Try it ::
The entries are to be given again in full. Every word must match.

Given records ::
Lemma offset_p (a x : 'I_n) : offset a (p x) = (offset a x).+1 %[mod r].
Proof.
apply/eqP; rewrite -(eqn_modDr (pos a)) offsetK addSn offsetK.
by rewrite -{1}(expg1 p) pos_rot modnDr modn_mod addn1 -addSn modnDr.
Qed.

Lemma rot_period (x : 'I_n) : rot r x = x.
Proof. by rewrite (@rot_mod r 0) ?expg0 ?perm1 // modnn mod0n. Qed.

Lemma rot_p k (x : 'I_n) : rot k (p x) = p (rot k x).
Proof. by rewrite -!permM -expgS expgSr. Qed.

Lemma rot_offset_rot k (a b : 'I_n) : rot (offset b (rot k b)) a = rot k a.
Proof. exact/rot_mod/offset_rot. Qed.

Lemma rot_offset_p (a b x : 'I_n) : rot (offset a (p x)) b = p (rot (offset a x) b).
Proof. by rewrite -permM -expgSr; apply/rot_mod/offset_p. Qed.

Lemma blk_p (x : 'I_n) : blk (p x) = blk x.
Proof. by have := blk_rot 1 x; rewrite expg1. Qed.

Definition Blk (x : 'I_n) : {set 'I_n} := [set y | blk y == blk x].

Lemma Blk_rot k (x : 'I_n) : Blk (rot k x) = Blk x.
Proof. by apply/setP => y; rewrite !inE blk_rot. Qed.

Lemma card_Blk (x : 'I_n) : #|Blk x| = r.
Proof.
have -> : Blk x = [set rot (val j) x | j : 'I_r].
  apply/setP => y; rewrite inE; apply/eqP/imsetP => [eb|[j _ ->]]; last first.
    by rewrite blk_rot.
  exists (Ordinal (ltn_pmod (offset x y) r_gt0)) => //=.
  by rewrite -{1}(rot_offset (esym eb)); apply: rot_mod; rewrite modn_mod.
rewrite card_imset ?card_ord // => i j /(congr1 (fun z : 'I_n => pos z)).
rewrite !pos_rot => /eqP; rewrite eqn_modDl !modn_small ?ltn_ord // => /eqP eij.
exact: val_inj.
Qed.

Written answer ::
Lemma offset_p (a x : 'I_n) : offset a (p x) = (offset a x).+1 %[mod r].
Proof.
apply/eqP; rewrite -(eqn_modDr (pos a)) offsetK addSn offsetK.
by rewrite -{1}(expg1 p) pos_rot modnDr modn_mod addn1 -addSn modnDr.
Qed.

Lemma rot_period (x : 'I_n) : rot r x = x.
Proof. by rewrite (@rot_mod r 0) ?expg0 ?perm1 // modnn mod0n. Qed.

Lemma rot_p k (x : 'I_n) : rot k (p x) = p (rot k x).
Proof. by rewrite -!permM -expgS expgSr. Qed.

Lemma rot_offset_rot k (a b : 'I_n) : rot (offset b (rot k b)) a = rot k a.
Proof. exact/rot_mod/offset_rot. Qed.

Lemma rot_offset_p (a b x : 'I_n) : rot (offset a (p x)) b = p (rot (offset a x) b).
Proof. by rewrite -permM -expgSr; apply/rot_mod/offset_p. Qed.

Lemma blk_p (x : 'I_n) : blk (p x) = blk x.
Proof. by have := blk_rot 1 x; rewrite expg1. Qed.

Definition Blk (x : 'I_n) : {set 'I_n} := [set y | blk y == blk x].

Lemma Blk_rot k (x : 'I_n) : Blk (rot k x) = Blk x.
Proof. by apply/setP => y; rewrite !inE blk_rot. Qed.

Lemma card_Blk (x : 'I_n) : #|Blk x| = r.
Proof.
have -> : Blk x = [set rot (val j) x | j : 'I_r].
  apply/setP => y; rewrite inE; apply/eqP/imsetP => [eb|[j _ ->]]; last first.
    by rewrite blk_rot.
  exists (Ordinal (ltn_pmod (offset x y) r_gt0)) => //=.
  by rewrite -{1}(rot_offset (esym eb)); apply: rot_mod; rewrite modn_mod.
rewrite card_imset ?card_ord // => i j /(congr1 (fun z : 'I_n => pos z)).
rewrite !pos_rot => /eqP; rewrite eqn_modDl !modn_small ?ltn_ord // => /eqP eij.
exact: val_inj.
Qed.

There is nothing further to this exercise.